Theorem mainTheorem10 (R : realType) (d : measure_display) (T : measurableType d)
  (mu : probability T R) (E : T -> T -> Prop)
  (hT : std_borel R T) (hE : cber E) (hpmp : pmp mu E)
  (F : seq (parmap T)) (hF : forall s, s \in F -> in_pgrp mu E s) :
  s_eps mu E F eps @[eps --> 0^'+] --> s_ent mu E F /\
  lower_s_eps mu E F eps @[eps --> 0^'+] --> lower_s_ent mu E F /\
  (forall om : set_system nat, UltraFilter om -> nonprincipal om ->
     s_omega_eps mu E om F eps @[eps --> 0^'+] --> s_omega_ent mu E om F).
Proof.
(* The comparison of covering numbers is purely combinatorial. *)
split; first exact: (@entropy_with_cvg _ _ _ mu E F _ (@le_upto_limn_esup R)).
split; first exact: (@entropy_with_cvg _ _ _ mu E F _ (@le_upto_limn_einf R)).
move=> om omU _.
exact: (@entropy_with_cvg _ _ _ mu E F _ (@le_upto_ultra_lim R om omU)).
Qed.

────────────────

● **Problem description**: Quote exactly the line containing "F _ (@le_upto_limn_esup R))." and every later line through the end of the listing, and no other lines.

● **Solution**:
split; first exact: (@entropy_with_cvg _ _ _ mu E F _ (@le_upto_limn_esup R)).
split; first exact: (@entropy_with_cvg _ _ _ mu E F _ (@le_upto_limn_einf R)).
move=> om omU _.
exact: (@entropy_with_cvg _ _ _ mu E F _ (@le_upto_ultra_lim R om omU)).
Qed.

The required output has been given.